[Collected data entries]
________________________________________
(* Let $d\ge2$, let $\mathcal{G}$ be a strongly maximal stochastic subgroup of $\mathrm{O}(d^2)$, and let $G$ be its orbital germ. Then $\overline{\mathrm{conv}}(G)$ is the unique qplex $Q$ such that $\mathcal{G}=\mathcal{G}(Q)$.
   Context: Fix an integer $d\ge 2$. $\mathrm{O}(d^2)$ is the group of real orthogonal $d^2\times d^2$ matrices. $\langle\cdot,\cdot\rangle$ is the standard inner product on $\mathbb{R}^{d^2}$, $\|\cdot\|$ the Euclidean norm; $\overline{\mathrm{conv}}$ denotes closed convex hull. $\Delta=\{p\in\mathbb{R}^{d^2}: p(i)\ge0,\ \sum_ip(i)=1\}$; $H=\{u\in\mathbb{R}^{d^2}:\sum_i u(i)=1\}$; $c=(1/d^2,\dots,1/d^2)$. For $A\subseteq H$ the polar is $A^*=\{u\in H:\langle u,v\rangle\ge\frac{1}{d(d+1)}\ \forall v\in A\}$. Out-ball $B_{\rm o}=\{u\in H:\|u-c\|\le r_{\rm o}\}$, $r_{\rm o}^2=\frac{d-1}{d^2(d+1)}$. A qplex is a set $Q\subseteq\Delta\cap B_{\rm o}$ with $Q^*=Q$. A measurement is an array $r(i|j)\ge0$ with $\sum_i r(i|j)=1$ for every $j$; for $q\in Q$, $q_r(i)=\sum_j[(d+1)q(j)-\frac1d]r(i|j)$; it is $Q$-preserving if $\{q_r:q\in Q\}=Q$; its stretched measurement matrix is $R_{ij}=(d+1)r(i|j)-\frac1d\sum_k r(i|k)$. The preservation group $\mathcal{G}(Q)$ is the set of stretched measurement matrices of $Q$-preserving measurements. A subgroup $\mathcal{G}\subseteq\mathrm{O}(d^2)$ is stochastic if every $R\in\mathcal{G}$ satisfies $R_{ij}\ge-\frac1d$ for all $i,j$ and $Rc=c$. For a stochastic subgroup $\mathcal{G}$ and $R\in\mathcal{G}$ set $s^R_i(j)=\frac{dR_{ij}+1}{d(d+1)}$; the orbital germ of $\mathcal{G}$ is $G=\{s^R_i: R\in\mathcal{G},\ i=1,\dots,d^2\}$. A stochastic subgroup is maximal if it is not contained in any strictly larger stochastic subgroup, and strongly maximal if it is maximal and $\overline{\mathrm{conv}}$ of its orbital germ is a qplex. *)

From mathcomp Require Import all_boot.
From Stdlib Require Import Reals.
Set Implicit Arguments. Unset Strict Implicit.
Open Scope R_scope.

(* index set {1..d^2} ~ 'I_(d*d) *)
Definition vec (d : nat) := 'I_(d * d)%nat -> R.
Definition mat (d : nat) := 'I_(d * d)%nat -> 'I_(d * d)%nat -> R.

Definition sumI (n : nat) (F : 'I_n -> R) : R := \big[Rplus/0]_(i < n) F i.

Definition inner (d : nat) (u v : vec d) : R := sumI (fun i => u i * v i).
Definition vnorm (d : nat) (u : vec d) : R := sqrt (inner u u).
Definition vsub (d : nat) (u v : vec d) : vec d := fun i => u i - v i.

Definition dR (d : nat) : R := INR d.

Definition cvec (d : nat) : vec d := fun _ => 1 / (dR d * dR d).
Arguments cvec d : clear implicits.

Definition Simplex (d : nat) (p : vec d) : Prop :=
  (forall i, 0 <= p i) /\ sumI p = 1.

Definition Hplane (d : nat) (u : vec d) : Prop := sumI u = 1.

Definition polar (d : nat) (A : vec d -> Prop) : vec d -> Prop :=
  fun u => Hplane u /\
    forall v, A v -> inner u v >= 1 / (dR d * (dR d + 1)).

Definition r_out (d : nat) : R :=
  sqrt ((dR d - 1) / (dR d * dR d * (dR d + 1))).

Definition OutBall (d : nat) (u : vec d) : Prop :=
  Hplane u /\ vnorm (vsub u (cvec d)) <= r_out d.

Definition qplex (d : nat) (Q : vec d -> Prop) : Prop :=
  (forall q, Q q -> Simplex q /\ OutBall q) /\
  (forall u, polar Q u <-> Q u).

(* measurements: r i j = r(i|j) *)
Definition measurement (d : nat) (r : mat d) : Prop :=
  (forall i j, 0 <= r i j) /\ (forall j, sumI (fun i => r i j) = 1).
________________________________________
WORK ITEM:
An exact, complete copy of the lines above from the one with "Set Implicit Arguments." through the one with "Definition mat (d" is the whole answer.

SOLVED PROBLEM:
Set Implicit Arguments. Unset Strict Implicit.
Open Scope R_scope.

(* index set {1..d^2} ~ 'I_(d*d) *)
Definition vec (d : nat) := 'I_(d * d)%nat -> R.
Definition mat (d : nat) := 'I_(d * d)%nat -> 'I_(d * d)%nat -> R.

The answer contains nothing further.